The Gigabyte GA-X58A-UD7
The Gigabyte GA-X58A-UD7
For a while now, Gigabyte's high-end boards have been quite predictable. Stack on the storage options, keeping older interfaces like IDE and floppy while reinforcing the stability with ever more aggressive power delivery design. It certainly makes for a very solid, and hefty board, thanks to Gigabyte's Ultra Durable feature. The UD7 here today continues this trend with a design that's little different from the Gigabyte EX58-EXTREME that made its debut in 2008.
In fact, one can argue that the two are identical, with Gigabyte updating to SATA 6Gbit/s and USB 3.0 for the newer UD7. Even the layout is mostly similar as like the EXTREME, the UD7 is quite crowded. There's no wasted PCB space as Gigabyte cannot afford that. First, let's talk about the massive storage options. Besides the ICH10R Southbridge and its six SATA 3Gbps ports, Gigabyte has included a Marvell controller for two SATA 6Gbps ports. This controller is a slightly superior version to the one found on ASUS, as it comes with SATA RAID support.
Then, there's Gigabyte own SATA2 chip, which adds two more SATA 3Gbps ports, along with IDE support for two devices.

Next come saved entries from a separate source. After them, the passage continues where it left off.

(* The added arcs go from the root to a new vertex, or from a new vertex to a leaf. *)
Lemma card_ext_added : #|ext_added| <= m * (#|X| + 1).
Proof.
pose arc_of p : ext_vertex * ext_vertex :=
  if p is (i, Some x) then (inr i, inl (lT x)) else (inl rho, inr p.1).
apply: (@leq_trans #|arc_of @: [set: 'I_m * option X]|).
  apply: subset_leq_card; apply/subsetP => [[[a|i] [b|j]]]; rewrite inE /= => // /andP [He Hn].
  - by rewrite inE He in Hn.
  - by apply/imsetP; exists (j, None); rewrite ?in_setT // (eqP He).
  - by case/codomP: He => x ->; apply/imsetP; exists (i, Some x); rewrite ?in_setT.
apply: leq_trans (leq_imset_card _ _) _.
by rewrite cardsT card_prod card_ord card_option addn1.
Qed.


(* Genes are cut into blocks of k consecutive ones (in enumeration order):
   block 0 sits on the vertices of T and block j+1 on the j-th new vertex. *)
Variables (Gn : finType) (G : X -> {set Gn}) (k : nat).
Hypothesis k_gt0 : 0 < k.
Hypothesis G_small : forall x, #|G x| <= k.
Hypothesis few_blocks : #|Gn| <= k * m.+1.

Definition block (g : Gn) : nat := enum_rank g %/ k.

Definition ext_genes (z : ext_vertex) : {set Gn} :=
  match z with
  | inl v => if [pick x | lT x == v] is Some x then G x else [set g | block g == 0]
  | inr i => [set g | block g == i.+1]
  end.

Lemma card_block j : #|[set g | block g == j]| <= k.
Proof.
pose pos (g : Gn) : 'I_k := Ordinal (ltn_pmod (enum_rank g) k_gt0).
rewrite -(card_in_imset (f := pos)); first by apply: leq_trans (max_card _) _; rewrite card_ord.
move=> g g'; rewrite !inE => /eqP Hg /eqP Hg' [E]; apply/enum_rank_inj/val_inj => /=.
rewrite /block in Hg Hg'.
by rewrite (divn_eq (enum_rank g) k) (divn_eq (enum_rank g') k) Hg Hg' E.
Qed.

Lemma block_le g : block g <= m.
Proof.
rewrite -ltnS ltn_divLR // mulnC; exact: leq_trans (ltn_ord (enum_rank g)) few_blocks.
Qed.

Lemma ext_genes_leaf x : ext_genes (ext_leaf x) = G x.
Proof.
rewrite /= ; case: pickP => [y /eqP /lT_inj -> // | /(_ x)]; by rewrite eqxx.
Qed.

Lemma ext_genes_internal v : v \notin codom lT -> ext_genes (inl v) = [set g | block g == 0].
Proof.
move=> Nv /=; case: pickP => [y /eqP Ey | //].
by rewrite -Ey codom_f in Nv.
Qed.

(* A gene of block 0 is rooted at the root of T: it is carried by all non-leaf
   vertices of T. *)
Lemma block0_rooted g : block g = 0 -> rooted_on ext_arc [set z | g \in ext_genes z].
Proof.
have [_ Hreach _] := tree.
move=> Hb; exists (inl rho).
  by rewrite inE ext_genes_internal ?root_not_leaf // inE Hb.
split.
  by apply/indeg_eq0 => u; apply: contraNN (ext_no_arc_into_root u) => /and3P [].
case=> [b|i]; rewrite inE => Hgb; last by move: Hgb; rewrite /= inE Hb.
apply: ext_connect_induced (Hreach b); last by rewrite inE.
move=> u w Huw; rewrite inE ext_genes_internal ?inE ?Hb //.
by rewrite -leaf_labels -lt0n (outdeg_gt0 Huw).
Qed.

(* A gene of block j+1 is rooted at the j-th new vertex, a parent of all leaves. *)
Lemma block_rooted g j : block g = j.+1 -> rooted_on ext_arc [set z | g \in ext_genes z].
Proof.
move=> Hb; have Hj : j < m by rewrite -Hb block_le.
have Sint v : v \notin codom lT -> g \notin ext_genes (inl v).
  by move=> Nv; rewrite ext_genes_internal // inE Hb.
exists (inr (Ordinal Hj)); first by rewrite inE /= inE Hb.
split.
  apply/indeg_eq0 => -[a|i]; rewrite /induced //= inE.
  by case: (eqVneq a rho) => [->|] //=; move: (Sint _ root_not_leaf) => /= /negbTE ->.
case=> [b|i]; rewrite inE => Hgb.
  have Lb : b \in codom lT by apply: contraLR Hgb => /Sint.
  by apply: connect1; rewrite /induced /= Lb !inE /= Hb eqxx.
move: Hgb; rewrite /ext_genes inE Hb eqSS => /eqP E.
by rewrite (_ : i = Ordinal Hj) ?connect0 //; apply: val_inj.
Qed.

Lemma ext_gene_labelling : gene_labelling ext_arc ext_leaf G k ext_genes.
Proof.
split; first exact: ext_genes_leaf.
- case=> [v|i] /=; last exact: card_block.
  by case: pickP => [x _|_]; [exact: G_small | exact: card_block].
- by move=> g; case Hb: (block g) => [|j]; [exact: block0_rooted | exact: (block_rooted Hb)].
Qed.

End UpperBound.

Lemma ceil_div_blocks n k : 0 < k -> n <= k * (ceil_div (n - k) k).+1.
Proof.
move=> k_gt0; rewrite mulnS mulnC -leq_subLR /ceil_div.
set q := (n - k + k.-1) %/ k.
have Hr : (n - k + k.-1) %% k <= k.-1 by rewrite -ltnS prednK // ltn_pmod.
have : n - k + k.-1 <= q * k + k.-1 by rewrite {1}(divn_eq (n - k + k.-1) k) leq_add2l.
by rewrite leq_add2r.
Qed.

Lemma phylo_tree_structure (X VT : finType) (eT : rel VT) (lT : X -> VT) :
  phylo_tree eT lT -> exists rho, [/\ rooted_tree eT rho,
    forall v, (outdeg eT v == 0) = (v \in codom lT), injective lT,
    2 <= outdeg eT rho &
    forall v, v != rho -> 0 < outdeg eT v -> 2 <= outdeg eT v].
Proof.
case=> rho [[root0 reach] indeg1 root_deg internal_deg [lT_inj leaves]].
exists rho; split => //; first by rewrite root0 in root_deg.
by move=> v Nv /(internal_deg v Nv); rewrite indeg1.
Qed.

A JMicron controller gives eSATA/USB functionality at the rear panel, despite the presence of USB 3.0 ports. And then we get to the floppy drive controller to cover all the storage options. As you can see, this formula is no different from the various storage-heavy boards from Gigabyte in recent times. Even its mid-range products have comprehensive storage options.
Another feature that's distinctive of the EX58-EXTREME is the Hybrid Silent-Pipe 2, a separate add-on heatsink card that acts as a giant radiator. Heat-pipes convey the excess heat from the board to this heatsink where it will be eventually vented out of the system. We did not test the efficacy of this heatsink, as our usual testing routine does not exactly require such cooling prowess. If you don't need such an extensive cooling solution, we recommend that you skip this board, as this radiator will no doubt add to the cost of this motherboard.
The number of features and connectors however lead to one of our usual complaints about Gigabyte's boards. It's not a serious issue but quite often, the layout only works for certain connectors. In this case, there are four PCIe graphics slots but effectively, one cannot setup quad-GPU due to the limitations of the PCIe lanes. Not only that, with three of them in close proximity, the typically, more powerful, dual-slot graphics cards would not be able to fit anyway.
A similar issue affects the PCIe x1 slots, which is so restricted by the heatsink that we're not sure what kind of card Gigabyte is expecting users to install. Fortunately, the rest of the board gave us no reasons to complain, though the large CMOS button at the rear panel is potential cause for concern for the careless user.
Of course, Gigabyte has its own list of in-house technologies, all of which should be familar to enthusiasts, as they have been present for a while now. From the company's well-known Ultra Durable 3 to newer additions like 3X power delivery for USB devices, these technologies all play their part in ensuring enthusiasts have all the tools they need to fiddle around. Just like the ASUS however, it's the stalwarts that we end up using most of the time, like Q-Flash for updating the BIOS and the dual BIOS feature.